I am currently in the middle of at least three books, though this ignores the countless volumes jettisoned over the years - I'm trying to use the library more to avoid pointless purchases - yet another result of The Credit Crunch. I suppose it is sufficiently advanced to warrant capitalisation along with such things as Global Warming and Sarah Palin though I suspect that Ms. Palin might well be in the Anti-Global Warming camp what with her links to the Oil Industry. She's six days younger than me you know. And - yes - there it is - "Palin does not believe that global warming is human-caused". My problem with that is - even if that is the case - and climate cycles have indeed changed over the years without any humans being around - I am sure that dirty industry is still bad for us. Emissions of any sort are accompanied by good-old, dirty pollution. If we are going to warm up anyway, let's not add carbon monoxide, sulphur dioxide and all the other nasty "ides" to the mix. Too simple an argument I suppose but I have never liked the idea of complexity for its own sake. Simplify people!

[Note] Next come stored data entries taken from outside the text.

(* Let $P_1,\dots,P_a$ be orthogonal projectors on a finite-dimensional Hilbert space $B$. Suppose a finite group $G$ acts transitively on the labels $\{1,\dots,a\}$, $i\mapsto i^g$, and $g\mapsto U^g$ is a unitary representation of $G$ on $B$ such that $P_{i^g}=(U^g)^\dagger P_iU^g$ for all $i$ and $g\in G$. Let $B=\bigoplus_\lambda\mathcal{Q}_\lambda\otimes\mathcal{R}_\lambda$ be the isotypical decomposition of $U$, with $\mathcal{Q}_\lambda$ pairwise inequivalent irreducible representations and $\mathcal{R}_\lambda$ the multiplicity spaces; let $L$ be the number of terms $\lambda$ and $M=\max_\lambda\dim\mathcal{R}_\lambda$. If $$\frac{a}{\left\|\sum_{i=1}^aP_i\right\|_\infty}>16L^6M^9,$$ then there exists a POVM $(R_i)_{i=1}^a$ on $B$ (i.e. $R_i\ge0$, $\sum_iR_i=\mathbb{1}$) with $P_iR_i=0$ for all $i$. In particular, any set of states $\{\rho_i\}_{i=1}^a$ with $\mathrm{supp}\,\rho_i$ contained in the range of $P_i$ can be conclusively excluded.
   Context: A set of states $\{\rho_i\}$ is conclusively excluded by a POVM $(R_i)$ indexed by the same labels if $\mathrm{tr}\,\rho_iR_i=0$ for all $i$. $\|\cdot\|_\infty$ is the operator norm. *)

From HB Require Import structures.
From mathcomp Require Import all_boot all_order all_algebra all_fingroup.
From mathcomp Require Import mxrepresentation.
From mathcomp Require Import complex.
From mathcomp Require Import boolp classical_sets reals.
Set Implicit Arguments. Unset Strict Implicit. Unset Printing Implicit Defensive.
Import Order.TTheory GRing.Theory Num.Theory.
Local Open Scope ring_scope.

(* Hilbert space B = C^n, operators = n x n complex matrices acting on
   column vectors 'cV_n.  Conjugate transpose: *)
Definition adjmx (R : realType) m n (A : 'M[R[i]]_(m, n)) : 'M[R[i]]_(n, m) :=
  (map_mx Num.conj A)^T.

Definition vnorm (R : realType) n (v : 'cV[R[i]]_n) : R :=
  Num.sqrt (\sum_(k < n) ((complex.Re (v k 0)) ^+ 2 + (complex.Im (v k 0)) ^+ 2)).

Definition opnorm (R : realType) n (A : 'M[R[i]]_n) : R :=
  sup [set vnorm (A *m v) | v in [set v : 'cV[R[i]]_n | vnorm v = 1]]%classic.

Definition orth_projector (R : realType) n (P : 'M[R[i]]_n) : Prop :=
  adjmx P = P /\ P *m P = P.

Definition psd (R : realType) n (A : 'M[R[i]]_n) : Prop :=
  adjmx A = A /\ forall v : 'cV[R[i]]_n, 0 <= (adjmx v *m A *m v) 0 0.

Definition unitary (R : realType) n (U : 'M[R[i]]_n) : Prop :=
  adjmx U *m U = 1%:M /\ U *m adjmx U = 1%:M.

Definition POVM (R : realType) n a (Rm : 'I_a -> 'M[R[i]]_n) : Prop :=
  (forall i, psd (Rm i)) /\ \sum_(i < a) Rm i = 1%:M.

From HB Require Import structures.
From mathcomp Require Import all_boot all_order all_algebra all_fingroup.
From mathcomp Require Import mxrepresentation.
From mathcomp Require Import complex.
From mathcomp Require Import boolp classical_sets reals.
From mathcomp Require Import ring lra.
Set Implicit Arguments. Unset Strict Implicit. Unset Printing Implicit Defensive.
Import Order.TTheory GRing.Theory Num.Theory.
Local Open Scope complex_scope.
Local Open Scope ring_scope.

(** Fix a label i0 with stabiliser of order m (so |G| = m a), put K = 1 - P_i0 and let
    W X = \sum_g U_g^* X U_g be the twirl.  For every Y the operators
    R_i = m^-1 \sum_(g | i0^g = i) U_g^* K Y K U_g satisfy P_i R_i = 0, are positive when
    Y is, and add up to m^-1 W (K Y K); so it suffices to find Y >= 0 with W (K Y K) = m.
    For G-invariant Y one has W (K Y K) = m (a Y - S Y - Y S + T Y), where S = \sum_i P_i and
    T Y = m^-1 W (P_i0 Y P_i0) enlarges numerical radii by at most a factor ||S||.  Hence, as
    soon as 4 ||S|| < a, Y |-> W (K Y K) is injective on invariant matrices, which by finite
    dimension yields a self-adjoint invariant solution Y; and Z = a Y - 1 satisfies
    a Z = S Z + Z S + S - T Z, which bounds its numerical radius by
    ||S|| / (a - 3 ||S||) <= 1, i.e. Y >= 0.  The hypothesis of the theorem is much
    stronger: L, M >= 1 as soon as n > 0. *)

Section Adjoint.
Variable R : realType.
Local Notation C := R[i].

Lemma adjmxE m n (A : 'M[C]_(m, n)) i j : adjmx A i j = (A j i)^*.
Proof. by rewrite /adjmx !mxE. Qed.

Lemma adjmxK m n (A : 'M[C]_(m, n)) : adjmx (adjmx A) = A.
Proof. by apply/matrixP=> i j; rewrite !adjmxE conjCK. Qed.

Lemma adjmxM m n p (A : 'M[C]_(m, n)) (B : 'M[C]_(n, p)) :
  adjmx (A *m B) = adjmx B *m adjmx A.
Proof.
apply/matrixP=> i j; rewrite !adjmxE !mxE rmorph_sum; apply: eq_bigr => k _.
by rewrite !adjmxE rmorphM mulrC.
Qed.

Fact adjmx_is_zmod_morphism m n : zmod_morphism (@adjmx R m n).
Proof. by move=> A B; apply/matrixP=> i j; rewrite !(adjmxE, mxE) rmorphB. Qed.

HB.instance Definition _ m n :=
  GRing.isZmodMorphism.Build 'M[C]_(m, n) 'M[C]_(n, m) (@adjmx R m n)
    (@adjmx_is_zmod_morphism m n).

Lemma adjmxZ m n c (A : 'M[C]_(m, n)) : adjmx (c *: A) = c^* *: adjmx A.
Proof. by apply/matrixP=> i j; rewrite !(adjmxE, mxE) rmorphM. Qed.

Lemma adjmx1 n : adjmx (1%:M : 'M[C]_n) = 1%:M.
Proof. by apply/matrixP=> i j; rewrite adjmxE !mxE conjC_nat eq_sym. Qed.

End Adjoint.

Lemma Re_conj (R : realType) (z : R[i]) : complex.Re z^* = complex.Re z.
Proof. by case: z. Qed.

Lemma Re_realM (R : realType) (r : R) (z : R[i]) :
  complex.Re (r%:C * z) = r * complex.Re z.
Proof. by case: z => a b /=; rewrite mul0r subr0. Qed.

Some nice wind power for you to finish. This is on Coniston again, right down at the South end away from the main jetties where it all seems so small and out of another age. The house used as Beckfoot (The Amazons' home) in the film is just to the right of this picture. There were two Herons on the lawn, not disturbed at all by all the canoes, launches and dinghies sputtering about. I wish I was back there.

Och A Vay.

Monday, September 01, 2008

Orang Borealis

Just back from a wonderful week in The Lakes pandering to an obsession of half the family with Swallows and Amazons. This picture is of the real Amazon at the Ruskin Museum in Coniston which unlike most interactive, text-speak-based museums these days surrenders not-a-jot to dumbing down. It is not visible in this picture but daughter found a discarded red cap which made her very excited. Promises to knit one for her have been extracted along with further pledge to attempt an Amazon flag. You may be able to spot a further Lake District hero in the background. I was going to tone the TV screen down until I zoomed in and saw what it was displaying. Single piece of delicious vanilla fudge to any correct answers on a postcard (colleagues permitting). Future hobbies for daughter are now a choice between Ballroom Dancing and sailing lessons. It has been mentioned that there are more gold medals to be had in sailing than for Ballroom dancing but there is always the Brucie Bonus of meeting the aged shoe-shuffling charmer himself I suppose. I am afraid my last experience of proper hands-on sailing was in the week Elvis died so I would be no help in "going about" (whatever that means) though I suppose I might be able to barbecue a Billy Goat or two.

Daughter managed to fall in with other S&A obsessives on the cruise we did on Coniston Water and they all went almost speechless when they saw The Jolly Roger flying on an otherwise very un-piratical yacht. Personally I was trying to work out where the 70 years between then and now had managed to hide themselves. I think we were both disappointed not to get closer to the real Wildcat Island. Friends of ours with both a proper berth-possessing yacht and a smaller dinghy have suggested we meet up to actually land in the secret harbour as the crowds of nautical youngsters were doing as we passed.

I was going to try and not mention the weather but as one of the staff at Coniston Tourist Information Centre said he was getting a bit cynical about the weather forecast I suppose I can say that it did rain a bit. Actually it rained a lot - even when the sun came out. Not that we were bothered - some new walking boots and who is worried about the weather? Not sure I would have wanted to camp though. There were plenty of people around who looked like they were struggling to keep from being completely covered in mud but then there is the joy of camping.

Finally for today a picture of Cormorant Fishermen lining up to sell their catch in some high-up tributary of one of the big Chinese rivers. OK then - it's the queue to board a launch on Derwent Water at Keswick. There are of course real Cormorants on all the lakes .. and Grebes and other lesser birds as well. I have no lens long enough to make any of these appear as anything other than a blur in the distance but we saw them.